• _Task_:
Among the records, how many lines contain "most"? Only the number is needed.

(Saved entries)
----

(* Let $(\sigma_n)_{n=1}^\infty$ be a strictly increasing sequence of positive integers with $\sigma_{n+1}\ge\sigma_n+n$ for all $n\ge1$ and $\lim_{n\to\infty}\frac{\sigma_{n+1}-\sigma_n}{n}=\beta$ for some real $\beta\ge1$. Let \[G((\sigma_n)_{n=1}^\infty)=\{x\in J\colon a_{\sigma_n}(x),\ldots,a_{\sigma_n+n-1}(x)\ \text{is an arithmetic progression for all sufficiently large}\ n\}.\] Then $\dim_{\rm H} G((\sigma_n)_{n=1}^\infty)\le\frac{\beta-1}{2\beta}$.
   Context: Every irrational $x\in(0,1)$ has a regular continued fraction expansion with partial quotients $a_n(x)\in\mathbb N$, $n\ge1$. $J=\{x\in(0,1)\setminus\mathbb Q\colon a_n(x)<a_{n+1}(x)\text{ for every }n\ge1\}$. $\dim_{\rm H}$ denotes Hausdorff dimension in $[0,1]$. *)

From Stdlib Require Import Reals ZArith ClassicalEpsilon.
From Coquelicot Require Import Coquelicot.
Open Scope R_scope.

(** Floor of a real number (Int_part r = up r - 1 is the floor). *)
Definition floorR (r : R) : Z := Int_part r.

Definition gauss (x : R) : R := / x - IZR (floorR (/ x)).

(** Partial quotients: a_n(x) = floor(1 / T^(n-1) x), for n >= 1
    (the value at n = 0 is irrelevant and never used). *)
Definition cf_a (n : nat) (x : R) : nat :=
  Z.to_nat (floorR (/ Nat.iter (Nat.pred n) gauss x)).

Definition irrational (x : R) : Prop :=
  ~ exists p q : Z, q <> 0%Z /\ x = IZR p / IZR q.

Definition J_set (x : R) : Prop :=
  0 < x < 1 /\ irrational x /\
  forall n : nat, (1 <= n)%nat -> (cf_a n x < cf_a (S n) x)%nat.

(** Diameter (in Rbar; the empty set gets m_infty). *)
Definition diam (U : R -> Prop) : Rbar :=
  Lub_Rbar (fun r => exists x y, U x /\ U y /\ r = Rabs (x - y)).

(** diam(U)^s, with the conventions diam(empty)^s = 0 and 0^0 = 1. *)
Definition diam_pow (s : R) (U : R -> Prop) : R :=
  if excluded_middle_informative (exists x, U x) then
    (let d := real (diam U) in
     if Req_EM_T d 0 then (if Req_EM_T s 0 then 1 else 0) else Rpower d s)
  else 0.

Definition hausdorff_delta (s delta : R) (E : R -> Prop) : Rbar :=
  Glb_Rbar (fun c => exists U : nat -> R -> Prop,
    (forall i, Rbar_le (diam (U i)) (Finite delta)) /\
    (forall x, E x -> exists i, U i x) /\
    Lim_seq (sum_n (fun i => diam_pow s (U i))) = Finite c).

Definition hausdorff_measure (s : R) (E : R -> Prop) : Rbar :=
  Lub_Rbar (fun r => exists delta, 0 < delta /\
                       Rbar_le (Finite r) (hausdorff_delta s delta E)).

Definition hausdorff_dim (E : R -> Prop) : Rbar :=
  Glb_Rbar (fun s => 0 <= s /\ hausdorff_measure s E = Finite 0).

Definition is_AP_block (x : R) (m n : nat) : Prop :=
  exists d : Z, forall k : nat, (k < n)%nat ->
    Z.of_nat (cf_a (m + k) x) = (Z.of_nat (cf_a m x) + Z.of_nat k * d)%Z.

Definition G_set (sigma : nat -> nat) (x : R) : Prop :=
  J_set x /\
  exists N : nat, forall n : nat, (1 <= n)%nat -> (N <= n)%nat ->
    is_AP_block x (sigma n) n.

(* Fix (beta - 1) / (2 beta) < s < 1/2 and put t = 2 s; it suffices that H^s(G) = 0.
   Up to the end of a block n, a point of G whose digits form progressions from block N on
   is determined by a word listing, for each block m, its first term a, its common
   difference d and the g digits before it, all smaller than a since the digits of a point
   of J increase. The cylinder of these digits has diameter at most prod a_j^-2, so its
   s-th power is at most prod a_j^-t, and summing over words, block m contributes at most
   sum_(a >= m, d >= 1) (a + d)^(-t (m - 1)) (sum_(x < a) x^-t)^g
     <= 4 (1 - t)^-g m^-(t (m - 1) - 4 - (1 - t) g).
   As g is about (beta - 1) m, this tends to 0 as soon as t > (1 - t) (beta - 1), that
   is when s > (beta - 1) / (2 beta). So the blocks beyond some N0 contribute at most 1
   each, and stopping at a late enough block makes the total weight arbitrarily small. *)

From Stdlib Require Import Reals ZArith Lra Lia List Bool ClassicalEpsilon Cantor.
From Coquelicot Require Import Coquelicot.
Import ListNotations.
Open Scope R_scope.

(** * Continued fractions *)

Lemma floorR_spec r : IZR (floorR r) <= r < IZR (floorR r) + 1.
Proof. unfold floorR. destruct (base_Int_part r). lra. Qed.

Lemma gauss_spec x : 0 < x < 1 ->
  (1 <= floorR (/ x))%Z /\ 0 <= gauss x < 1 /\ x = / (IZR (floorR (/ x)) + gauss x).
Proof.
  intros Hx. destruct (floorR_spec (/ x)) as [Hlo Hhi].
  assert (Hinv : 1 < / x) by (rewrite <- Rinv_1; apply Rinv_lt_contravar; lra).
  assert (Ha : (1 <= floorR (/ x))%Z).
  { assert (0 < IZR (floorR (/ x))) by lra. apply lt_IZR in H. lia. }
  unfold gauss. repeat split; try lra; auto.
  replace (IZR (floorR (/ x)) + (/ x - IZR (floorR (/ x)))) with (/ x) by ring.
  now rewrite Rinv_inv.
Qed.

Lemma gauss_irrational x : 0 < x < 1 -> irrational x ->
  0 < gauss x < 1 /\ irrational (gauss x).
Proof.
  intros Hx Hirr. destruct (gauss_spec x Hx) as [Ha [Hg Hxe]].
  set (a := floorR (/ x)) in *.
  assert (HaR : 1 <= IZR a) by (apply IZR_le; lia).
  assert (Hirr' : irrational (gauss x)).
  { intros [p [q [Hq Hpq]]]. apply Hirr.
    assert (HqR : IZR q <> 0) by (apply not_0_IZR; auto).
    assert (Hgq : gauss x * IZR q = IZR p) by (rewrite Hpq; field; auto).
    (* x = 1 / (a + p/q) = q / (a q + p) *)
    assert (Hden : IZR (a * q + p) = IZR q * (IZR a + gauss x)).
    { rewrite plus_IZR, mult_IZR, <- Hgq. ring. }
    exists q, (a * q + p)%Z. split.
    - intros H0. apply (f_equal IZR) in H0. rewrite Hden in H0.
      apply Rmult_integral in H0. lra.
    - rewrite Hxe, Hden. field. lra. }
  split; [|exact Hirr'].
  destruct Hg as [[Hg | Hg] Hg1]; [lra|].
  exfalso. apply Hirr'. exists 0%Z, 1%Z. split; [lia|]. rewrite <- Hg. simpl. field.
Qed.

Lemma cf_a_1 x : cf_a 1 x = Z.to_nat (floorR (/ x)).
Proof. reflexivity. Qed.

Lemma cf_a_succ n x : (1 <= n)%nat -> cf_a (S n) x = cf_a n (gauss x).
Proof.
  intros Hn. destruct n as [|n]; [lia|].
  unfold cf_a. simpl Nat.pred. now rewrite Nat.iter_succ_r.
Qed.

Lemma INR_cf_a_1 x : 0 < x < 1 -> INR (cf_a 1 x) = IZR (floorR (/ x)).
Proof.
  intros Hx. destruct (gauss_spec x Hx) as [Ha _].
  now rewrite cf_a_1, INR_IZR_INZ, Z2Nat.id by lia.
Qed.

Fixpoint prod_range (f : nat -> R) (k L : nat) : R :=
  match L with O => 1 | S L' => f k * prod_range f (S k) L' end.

----

• _Your response_:
3